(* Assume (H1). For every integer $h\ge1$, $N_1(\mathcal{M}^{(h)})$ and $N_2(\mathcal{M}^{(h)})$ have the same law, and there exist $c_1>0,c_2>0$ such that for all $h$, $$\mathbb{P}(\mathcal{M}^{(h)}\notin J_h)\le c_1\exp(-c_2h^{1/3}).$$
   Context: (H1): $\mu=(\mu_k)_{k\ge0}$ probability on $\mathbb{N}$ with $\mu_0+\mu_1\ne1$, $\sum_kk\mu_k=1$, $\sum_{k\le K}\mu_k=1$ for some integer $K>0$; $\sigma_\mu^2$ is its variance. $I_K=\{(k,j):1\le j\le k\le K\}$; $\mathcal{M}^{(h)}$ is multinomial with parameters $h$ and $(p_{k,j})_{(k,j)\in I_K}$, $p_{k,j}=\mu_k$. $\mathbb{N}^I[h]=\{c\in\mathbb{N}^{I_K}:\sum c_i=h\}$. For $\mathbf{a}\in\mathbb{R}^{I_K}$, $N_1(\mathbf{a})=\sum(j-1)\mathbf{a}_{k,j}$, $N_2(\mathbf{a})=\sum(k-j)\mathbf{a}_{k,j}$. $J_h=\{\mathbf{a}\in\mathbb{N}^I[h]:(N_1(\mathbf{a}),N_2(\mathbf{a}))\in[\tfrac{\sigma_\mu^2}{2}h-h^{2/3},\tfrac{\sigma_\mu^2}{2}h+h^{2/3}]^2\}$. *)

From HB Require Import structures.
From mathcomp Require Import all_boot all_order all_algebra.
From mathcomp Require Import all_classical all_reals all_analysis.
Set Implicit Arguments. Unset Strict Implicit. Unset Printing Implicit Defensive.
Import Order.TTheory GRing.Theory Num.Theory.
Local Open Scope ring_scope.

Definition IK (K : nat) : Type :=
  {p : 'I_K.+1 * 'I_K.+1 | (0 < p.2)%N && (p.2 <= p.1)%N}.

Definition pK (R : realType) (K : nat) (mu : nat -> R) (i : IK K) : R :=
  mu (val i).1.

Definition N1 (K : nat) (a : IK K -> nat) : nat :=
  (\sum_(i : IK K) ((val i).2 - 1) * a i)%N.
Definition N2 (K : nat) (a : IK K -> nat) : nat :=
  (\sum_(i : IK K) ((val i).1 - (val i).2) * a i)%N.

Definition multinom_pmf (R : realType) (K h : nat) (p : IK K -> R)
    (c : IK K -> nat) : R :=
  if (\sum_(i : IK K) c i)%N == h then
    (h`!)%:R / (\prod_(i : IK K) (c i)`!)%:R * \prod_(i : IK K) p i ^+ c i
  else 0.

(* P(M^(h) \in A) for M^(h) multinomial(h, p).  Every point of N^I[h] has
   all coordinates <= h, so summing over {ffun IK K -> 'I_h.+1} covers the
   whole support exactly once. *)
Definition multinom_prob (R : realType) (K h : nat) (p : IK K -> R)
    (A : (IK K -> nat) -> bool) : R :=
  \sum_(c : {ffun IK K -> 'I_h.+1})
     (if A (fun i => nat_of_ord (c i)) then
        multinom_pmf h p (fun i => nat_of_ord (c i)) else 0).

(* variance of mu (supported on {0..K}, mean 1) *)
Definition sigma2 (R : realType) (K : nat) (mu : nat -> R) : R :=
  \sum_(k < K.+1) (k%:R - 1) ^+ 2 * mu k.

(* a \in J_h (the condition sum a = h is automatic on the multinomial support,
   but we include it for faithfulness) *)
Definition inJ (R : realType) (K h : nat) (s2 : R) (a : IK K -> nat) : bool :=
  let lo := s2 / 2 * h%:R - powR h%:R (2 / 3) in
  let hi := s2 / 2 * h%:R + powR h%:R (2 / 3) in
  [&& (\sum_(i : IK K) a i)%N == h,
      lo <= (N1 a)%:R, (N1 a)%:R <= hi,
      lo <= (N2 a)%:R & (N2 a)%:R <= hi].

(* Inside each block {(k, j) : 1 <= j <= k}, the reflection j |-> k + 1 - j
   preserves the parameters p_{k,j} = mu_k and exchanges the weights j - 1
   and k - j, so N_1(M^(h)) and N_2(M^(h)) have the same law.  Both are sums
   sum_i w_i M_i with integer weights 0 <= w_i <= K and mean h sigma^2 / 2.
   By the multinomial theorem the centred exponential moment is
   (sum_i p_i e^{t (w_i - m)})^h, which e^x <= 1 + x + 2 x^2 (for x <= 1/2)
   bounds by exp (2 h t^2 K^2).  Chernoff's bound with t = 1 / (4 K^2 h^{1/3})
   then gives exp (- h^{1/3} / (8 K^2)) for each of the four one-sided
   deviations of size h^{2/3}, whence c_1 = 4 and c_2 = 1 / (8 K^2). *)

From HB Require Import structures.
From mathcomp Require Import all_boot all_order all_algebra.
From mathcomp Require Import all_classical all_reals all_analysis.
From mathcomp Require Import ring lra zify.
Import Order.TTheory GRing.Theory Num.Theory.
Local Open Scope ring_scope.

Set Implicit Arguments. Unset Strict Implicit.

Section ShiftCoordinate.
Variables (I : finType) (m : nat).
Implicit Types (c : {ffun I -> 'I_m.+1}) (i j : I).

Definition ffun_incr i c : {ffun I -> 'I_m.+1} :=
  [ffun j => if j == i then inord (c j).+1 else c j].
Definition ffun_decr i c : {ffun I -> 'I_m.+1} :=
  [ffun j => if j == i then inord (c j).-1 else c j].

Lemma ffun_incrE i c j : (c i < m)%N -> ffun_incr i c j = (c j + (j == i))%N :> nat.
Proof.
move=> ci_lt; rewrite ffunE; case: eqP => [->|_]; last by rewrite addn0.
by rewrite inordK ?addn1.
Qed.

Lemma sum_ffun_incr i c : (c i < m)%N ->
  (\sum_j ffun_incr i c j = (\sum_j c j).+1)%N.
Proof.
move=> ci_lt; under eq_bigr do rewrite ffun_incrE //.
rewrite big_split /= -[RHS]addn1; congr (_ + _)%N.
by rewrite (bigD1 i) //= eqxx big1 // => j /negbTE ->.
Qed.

▬▬▬▬▬▬▬▬▬▬

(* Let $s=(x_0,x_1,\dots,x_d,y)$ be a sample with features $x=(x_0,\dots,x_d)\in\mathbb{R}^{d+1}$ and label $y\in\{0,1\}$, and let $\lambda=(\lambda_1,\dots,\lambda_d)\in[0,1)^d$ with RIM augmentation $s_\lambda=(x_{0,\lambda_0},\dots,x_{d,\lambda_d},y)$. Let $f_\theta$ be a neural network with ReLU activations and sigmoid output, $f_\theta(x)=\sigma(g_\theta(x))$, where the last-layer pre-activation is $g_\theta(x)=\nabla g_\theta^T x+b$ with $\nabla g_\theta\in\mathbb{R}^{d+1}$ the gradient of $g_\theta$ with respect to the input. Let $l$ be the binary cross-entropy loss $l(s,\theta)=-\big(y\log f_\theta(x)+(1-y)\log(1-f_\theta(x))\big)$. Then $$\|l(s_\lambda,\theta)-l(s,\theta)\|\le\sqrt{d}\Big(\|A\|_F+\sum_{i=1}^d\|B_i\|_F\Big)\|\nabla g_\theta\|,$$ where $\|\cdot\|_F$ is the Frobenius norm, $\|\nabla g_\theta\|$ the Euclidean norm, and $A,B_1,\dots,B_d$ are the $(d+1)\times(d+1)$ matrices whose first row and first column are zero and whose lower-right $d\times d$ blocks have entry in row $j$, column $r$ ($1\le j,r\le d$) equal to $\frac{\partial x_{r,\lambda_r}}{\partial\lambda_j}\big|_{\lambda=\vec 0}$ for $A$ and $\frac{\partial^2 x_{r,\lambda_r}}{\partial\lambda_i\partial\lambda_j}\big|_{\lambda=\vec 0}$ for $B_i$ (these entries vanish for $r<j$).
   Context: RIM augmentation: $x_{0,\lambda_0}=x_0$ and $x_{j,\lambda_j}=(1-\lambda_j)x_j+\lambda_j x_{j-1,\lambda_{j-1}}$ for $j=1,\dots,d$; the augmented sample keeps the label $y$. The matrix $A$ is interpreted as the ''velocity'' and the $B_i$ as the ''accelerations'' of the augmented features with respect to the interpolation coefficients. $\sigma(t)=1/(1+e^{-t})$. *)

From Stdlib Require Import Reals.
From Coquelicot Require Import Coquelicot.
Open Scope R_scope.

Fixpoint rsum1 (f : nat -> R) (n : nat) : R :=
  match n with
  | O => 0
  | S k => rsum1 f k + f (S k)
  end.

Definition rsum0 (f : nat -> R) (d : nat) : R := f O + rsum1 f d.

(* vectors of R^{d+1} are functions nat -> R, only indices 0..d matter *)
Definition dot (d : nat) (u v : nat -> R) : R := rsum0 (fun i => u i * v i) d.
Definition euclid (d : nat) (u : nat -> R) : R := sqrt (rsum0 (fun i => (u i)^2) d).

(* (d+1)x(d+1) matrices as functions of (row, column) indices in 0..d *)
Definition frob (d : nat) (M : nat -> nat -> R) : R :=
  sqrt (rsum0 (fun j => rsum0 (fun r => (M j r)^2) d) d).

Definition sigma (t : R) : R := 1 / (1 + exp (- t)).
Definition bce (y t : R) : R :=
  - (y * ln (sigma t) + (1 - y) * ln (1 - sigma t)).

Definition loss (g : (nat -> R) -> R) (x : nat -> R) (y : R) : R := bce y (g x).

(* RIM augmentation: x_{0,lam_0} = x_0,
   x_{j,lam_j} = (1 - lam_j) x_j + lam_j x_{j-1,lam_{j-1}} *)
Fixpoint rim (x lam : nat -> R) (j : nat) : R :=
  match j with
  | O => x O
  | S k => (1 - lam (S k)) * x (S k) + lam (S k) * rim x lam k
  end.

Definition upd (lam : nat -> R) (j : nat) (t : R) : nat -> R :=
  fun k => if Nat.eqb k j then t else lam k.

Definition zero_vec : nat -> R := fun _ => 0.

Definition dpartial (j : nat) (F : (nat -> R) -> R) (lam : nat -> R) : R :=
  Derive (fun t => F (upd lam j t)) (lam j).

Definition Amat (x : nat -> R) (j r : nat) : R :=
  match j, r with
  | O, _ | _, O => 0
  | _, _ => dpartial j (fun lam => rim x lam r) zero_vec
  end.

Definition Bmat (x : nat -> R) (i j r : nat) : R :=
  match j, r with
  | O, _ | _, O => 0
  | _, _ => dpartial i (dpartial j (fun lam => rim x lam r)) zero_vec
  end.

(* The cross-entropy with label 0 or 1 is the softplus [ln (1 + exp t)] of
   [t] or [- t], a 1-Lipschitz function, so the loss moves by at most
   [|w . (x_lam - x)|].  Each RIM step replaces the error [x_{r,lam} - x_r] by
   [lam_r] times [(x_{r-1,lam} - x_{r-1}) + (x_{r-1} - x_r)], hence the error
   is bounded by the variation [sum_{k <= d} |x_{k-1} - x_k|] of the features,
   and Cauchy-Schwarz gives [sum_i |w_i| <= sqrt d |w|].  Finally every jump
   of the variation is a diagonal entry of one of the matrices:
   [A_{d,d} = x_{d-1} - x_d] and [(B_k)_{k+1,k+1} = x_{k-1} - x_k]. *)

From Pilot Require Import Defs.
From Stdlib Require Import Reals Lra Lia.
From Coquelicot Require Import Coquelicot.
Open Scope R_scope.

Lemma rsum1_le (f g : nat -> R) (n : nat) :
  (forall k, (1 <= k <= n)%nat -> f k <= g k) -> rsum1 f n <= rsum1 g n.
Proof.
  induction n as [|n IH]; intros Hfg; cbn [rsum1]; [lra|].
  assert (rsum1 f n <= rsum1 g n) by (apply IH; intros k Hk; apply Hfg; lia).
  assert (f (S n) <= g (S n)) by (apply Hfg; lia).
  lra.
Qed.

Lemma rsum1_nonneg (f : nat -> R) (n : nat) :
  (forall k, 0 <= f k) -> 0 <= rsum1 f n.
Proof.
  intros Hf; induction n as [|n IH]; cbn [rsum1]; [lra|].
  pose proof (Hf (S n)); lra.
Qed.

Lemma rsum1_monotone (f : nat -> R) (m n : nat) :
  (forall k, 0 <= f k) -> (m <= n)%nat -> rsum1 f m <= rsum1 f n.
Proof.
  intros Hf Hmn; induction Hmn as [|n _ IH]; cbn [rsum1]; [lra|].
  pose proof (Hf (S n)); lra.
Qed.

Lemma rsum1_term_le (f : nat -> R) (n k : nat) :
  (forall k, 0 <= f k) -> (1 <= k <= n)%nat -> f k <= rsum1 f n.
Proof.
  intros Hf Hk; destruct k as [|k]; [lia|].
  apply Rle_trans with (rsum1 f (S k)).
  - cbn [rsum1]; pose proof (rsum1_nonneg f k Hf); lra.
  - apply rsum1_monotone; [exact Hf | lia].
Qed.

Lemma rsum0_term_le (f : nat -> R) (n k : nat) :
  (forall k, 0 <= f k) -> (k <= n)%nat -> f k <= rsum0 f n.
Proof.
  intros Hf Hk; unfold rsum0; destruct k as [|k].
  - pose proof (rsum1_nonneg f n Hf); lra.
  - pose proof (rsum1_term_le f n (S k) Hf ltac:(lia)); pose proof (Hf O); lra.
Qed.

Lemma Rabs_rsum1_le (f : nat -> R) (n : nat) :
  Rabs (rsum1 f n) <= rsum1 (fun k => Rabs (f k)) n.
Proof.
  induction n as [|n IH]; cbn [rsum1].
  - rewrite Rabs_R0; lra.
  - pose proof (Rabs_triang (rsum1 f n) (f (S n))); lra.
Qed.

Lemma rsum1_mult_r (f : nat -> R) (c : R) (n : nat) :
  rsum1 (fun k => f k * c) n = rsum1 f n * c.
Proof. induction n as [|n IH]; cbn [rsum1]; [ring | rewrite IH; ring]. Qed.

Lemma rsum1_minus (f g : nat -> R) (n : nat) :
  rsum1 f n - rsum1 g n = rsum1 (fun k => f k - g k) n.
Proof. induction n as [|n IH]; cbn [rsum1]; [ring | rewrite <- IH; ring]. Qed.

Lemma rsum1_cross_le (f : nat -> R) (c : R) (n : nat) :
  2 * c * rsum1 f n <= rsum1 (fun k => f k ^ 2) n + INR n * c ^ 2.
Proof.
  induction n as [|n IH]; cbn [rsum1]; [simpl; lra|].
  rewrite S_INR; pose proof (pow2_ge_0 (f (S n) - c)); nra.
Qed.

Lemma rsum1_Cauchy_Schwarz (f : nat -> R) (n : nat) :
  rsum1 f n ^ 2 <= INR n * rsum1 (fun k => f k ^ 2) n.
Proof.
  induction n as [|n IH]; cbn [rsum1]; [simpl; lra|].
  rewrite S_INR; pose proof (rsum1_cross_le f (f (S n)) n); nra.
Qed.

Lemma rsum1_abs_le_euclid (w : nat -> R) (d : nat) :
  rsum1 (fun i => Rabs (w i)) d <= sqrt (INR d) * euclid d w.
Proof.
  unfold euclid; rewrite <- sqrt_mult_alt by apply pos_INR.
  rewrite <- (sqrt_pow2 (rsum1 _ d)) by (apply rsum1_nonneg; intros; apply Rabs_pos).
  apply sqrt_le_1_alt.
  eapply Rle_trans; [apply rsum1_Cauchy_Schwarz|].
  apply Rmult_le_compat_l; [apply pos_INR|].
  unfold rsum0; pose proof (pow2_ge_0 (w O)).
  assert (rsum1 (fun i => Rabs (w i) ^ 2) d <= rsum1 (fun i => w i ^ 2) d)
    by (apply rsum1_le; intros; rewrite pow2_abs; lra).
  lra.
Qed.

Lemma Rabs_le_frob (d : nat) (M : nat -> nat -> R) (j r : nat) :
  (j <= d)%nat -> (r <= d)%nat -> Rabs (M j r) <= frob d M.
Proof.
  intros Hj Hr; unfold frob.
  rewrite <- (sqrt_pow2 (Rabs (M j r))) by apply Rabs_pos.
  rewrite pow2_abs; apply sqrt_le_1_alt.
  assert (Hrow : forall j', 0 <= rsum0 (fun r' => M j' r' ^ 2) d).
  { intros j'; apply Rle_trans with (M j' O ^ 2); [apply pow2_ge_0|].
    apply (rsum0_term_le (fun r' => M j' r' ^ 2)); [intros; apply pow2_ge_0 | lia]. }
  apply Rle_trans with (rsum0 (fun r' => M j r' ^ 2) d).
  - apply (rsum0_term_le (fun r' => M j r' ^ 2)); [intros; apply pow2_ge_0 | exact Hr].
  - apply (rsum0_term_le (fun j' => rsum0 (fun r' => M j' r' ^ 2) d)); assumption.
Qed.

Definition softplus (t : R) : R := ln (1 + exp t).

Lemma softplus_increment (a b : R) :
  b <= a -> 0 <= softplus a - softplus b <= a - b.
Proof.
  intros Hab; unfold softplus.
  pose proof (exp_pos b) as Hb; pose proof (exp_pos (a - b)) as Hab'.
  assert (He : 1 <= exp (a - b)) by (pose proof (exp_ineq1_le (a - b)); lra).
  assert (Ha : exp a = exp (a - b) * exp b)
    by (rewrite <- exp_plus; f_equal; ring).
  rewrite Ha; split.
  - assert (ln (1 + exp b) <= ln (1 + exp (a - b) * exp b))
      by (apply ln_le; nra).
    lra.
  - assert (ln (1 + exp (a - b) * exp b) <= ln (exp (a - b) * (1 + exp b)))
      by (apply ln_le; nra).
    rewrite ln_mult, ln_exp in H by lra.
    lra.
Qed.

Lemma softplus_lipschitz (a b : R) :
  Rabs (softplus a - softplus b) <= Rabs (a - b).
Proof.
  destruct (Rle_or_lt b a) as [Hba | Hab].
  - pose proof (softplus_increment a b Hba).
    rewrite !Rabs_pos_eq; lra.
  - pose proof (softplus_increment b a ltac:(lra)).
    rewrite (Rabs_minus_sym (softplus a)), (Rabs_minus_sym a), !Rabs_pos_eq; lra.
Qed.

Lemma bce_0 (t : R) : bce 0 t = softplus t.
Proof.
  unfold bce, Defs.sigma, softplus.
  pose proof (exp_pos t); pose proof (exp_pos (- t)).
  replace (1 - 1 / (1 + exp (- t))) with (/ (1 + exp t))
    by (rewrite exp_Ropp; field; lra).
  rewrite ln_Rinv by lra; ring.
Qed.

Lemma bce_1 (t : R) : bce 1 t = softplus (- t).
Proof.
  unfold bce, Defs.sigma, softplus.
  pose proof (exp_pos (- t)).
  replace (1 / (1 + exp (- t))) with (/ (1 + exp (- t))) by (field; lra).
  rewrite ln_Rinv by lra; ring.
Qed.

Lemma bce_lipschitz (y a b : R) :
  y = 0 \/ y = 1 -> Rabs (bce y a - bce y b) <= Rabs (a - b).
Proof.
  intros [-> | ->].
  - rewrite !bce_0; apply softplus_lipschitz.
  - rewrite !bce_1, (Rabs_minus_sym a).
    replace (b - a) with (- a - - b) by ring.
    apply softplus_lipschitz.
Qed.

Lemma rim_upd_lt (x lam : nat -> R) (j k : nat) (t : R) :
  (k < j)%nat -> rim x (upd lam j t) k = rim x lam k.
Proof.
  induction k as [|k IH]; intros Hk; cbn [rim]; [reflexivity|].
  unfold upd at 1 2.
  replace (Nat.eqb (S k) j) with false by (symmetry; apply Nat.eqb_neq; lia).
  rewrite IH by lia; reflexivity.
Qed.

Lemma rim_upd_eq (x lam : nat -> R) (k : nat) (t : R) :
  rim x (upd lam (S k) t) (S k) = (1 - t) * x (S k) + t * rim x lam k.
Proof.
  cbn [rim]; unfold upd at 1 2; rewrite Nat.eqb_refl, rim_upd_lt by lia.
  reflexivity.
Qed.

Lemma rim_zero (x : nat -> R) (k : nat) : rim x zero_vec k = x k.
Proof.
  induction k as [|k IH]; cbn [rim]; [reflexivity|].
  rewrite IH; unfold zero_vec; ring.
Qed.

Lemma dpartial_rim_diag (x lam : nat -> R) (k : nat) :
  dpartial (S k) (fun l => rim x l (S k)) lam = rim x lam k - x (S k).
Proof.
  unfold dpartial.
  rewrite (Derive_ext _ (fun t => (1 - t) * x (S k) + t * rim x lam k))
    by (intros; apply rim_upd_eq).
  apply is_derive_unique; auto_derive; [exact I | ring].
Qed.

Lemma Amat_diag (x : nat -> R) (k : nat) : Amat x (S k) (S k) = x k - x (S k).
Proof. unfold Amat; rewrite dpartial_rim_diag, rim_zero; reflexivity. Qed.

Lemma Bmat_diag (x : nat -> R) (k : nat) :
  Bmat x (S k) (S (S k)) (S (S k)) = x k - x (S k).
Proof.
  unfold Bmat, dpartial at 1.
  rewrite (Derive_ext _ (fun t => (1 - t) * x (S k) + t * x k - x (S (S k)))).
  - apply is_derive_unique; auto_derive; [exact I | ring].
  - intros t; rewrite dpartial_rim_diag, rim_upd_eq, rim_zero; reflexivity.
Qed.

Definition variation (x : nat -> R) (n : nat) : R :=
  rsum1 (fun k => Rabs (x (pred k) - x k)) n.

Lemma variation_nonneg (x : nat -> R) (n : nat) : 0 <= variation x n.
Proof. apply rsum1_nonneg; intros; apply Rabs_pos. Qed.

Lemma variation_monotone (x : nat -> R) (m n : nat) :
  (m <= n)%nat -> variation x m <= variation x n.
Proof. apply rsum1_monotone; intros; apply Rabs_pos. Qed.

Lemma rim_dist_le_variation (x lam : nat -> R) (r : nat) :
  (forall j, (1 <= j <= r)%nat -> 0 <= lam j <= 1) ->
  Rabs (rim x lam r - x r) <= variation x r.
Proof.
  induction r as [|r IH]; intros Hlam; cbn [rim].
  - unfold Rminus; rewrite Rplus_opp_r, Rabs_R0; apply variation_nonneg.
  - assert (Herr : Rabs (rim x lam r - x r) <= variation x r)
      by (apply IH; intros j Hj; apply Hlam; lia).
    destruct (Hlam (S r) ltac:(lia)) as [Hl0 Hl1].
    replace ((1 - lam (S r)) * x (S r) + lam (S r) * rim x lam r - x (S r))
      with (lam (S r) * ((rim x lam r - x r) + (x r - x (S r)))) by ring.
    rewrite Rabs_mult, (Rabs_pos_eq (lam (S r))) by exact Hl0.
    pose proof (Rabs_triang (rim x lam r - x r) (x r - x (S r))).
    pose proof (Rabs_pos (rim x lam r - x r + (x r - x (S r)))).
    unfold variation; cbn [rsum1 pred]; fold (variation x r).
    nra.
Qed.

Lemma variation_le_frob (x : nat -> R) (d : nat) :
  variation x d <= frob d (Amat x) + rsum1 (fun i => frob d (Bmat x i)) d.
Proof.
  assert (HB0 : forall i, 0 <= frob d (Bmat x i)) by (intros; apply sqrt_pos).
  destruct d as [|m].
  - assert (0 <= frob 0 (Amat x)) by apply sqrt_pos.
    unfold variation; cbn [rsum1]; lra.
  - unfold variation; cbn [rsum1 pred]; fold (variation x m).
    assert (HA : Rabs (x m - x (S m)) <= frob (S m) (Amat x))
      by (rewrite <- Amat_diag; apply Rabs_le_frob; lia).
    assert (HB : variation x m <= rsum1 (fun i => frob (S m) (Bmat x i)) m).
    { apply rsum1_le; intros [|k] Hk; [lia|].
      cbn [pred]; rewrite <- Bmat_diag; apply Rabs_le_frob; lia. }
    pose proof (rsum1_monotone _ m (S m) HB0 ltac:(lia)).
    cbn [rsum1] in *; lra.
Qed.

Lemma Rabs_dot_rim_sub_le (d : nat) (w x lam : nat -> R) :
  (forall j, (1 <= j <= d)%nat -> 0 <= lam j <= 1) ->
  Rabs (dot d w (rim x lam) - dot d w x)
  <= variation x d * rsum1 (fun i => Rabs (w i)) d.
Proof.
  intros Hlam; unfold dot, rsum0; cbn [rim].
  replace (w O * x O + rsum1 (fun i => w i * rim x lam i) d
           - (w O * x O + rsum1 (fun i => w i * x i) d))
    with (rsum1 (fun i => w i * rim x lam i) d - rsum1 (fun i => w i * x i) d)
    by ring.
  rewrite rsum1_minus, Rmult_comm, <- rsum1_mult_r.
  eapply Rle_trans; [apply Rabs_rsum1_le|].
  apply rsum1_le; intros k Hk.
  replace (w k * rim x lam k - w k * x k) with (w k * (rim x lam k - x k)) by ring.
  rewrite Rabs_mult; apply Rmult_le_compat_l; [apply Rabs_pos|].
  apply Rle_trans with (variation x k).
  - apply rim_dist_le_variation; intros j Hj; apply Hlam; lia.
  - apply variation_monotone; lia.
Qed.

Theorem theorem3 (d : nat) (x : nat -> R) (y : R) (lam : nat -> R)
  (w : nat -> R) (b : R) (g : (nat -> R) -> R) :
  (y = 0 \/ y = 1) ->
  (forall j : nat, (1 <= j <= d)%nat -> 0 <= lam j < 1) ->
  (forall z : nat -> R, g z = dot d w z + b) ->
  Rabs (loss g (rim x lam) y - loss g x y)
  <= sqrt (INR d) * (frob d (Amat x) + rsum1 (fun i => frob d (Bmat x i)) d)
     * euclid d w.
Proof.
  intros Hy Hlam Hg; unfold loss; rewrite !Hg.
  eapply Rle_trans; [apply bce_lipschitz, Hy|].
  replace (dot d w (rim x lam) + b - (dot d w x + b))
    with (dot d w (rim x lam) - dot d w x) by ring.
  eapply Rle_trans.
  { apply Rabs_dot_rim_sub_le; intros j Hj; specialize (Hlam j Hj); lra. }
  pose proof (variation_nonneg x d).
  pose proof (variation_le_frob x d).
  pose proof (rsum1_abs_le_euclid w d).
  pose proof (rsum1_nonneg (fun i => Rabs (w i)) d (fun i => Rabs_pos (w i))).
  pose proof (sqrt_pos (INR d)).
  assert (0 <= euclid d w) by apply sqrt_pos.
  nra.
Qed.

▬▬▬▬▬▬▬▬▬▬

> **Problem**: Taking the entries above, write out exactly each line from the one holding "Lemma rsum1_Cauchy_Schwarz (f" to the one holding "Lemma Rabs_le_frob (d", both included, and stop there.

> **Response to this task**:
Lemma rsum1_Cauchy_Schwarz (f : nat -> R) (n : nat) :
  rsum1 f n ^ 2 <= INR n * rsum1 (fun k => f k ^ 2) n.
Proof.
  induction n as [|n IH]; cbn [rsum1]; [simpl; lra|].
  rewrite S_INR; pose proof (rsum1_cross_le f (f (S n)) n); nra.
Qed.

Lemma rsum1_abs_le_euclid (w : nat -> R) (d : nat) :
  rsum1 (fun i => Rabs (w i)) d <= sqrt (INR d) * euclid d w.
Proof.
  unfold euclid; rewrite <- sqrt_mult_alt by apply pos_INR.
  rewrite <- (sqrt_pow2 (rsum1 _ d)) by (apply rsum1_nonneg; intros; apply Rabs_pos).
  apply sqrt_le_1_alt.
  eapply Rle_trans; [apply rsum1_Cauchy_Schwarz|].
  apply Rmult_le_compat_l; [apply pos_INR|].
  unfold rsum0; pose proof (pow2_ge_0 (w O)).
  assert (rsum1 (fun i => Rabs (w i) ^ 2) d <= rsum1 (fun i => w i ^ 2) d)
    by (apply rsum1_le; intros; rewrite pow2_abs; lra).
  lra.
Qed.

Lemma Rabs_le_frob (d : nat) (M : nat -> nat -> R) (j r : nat) :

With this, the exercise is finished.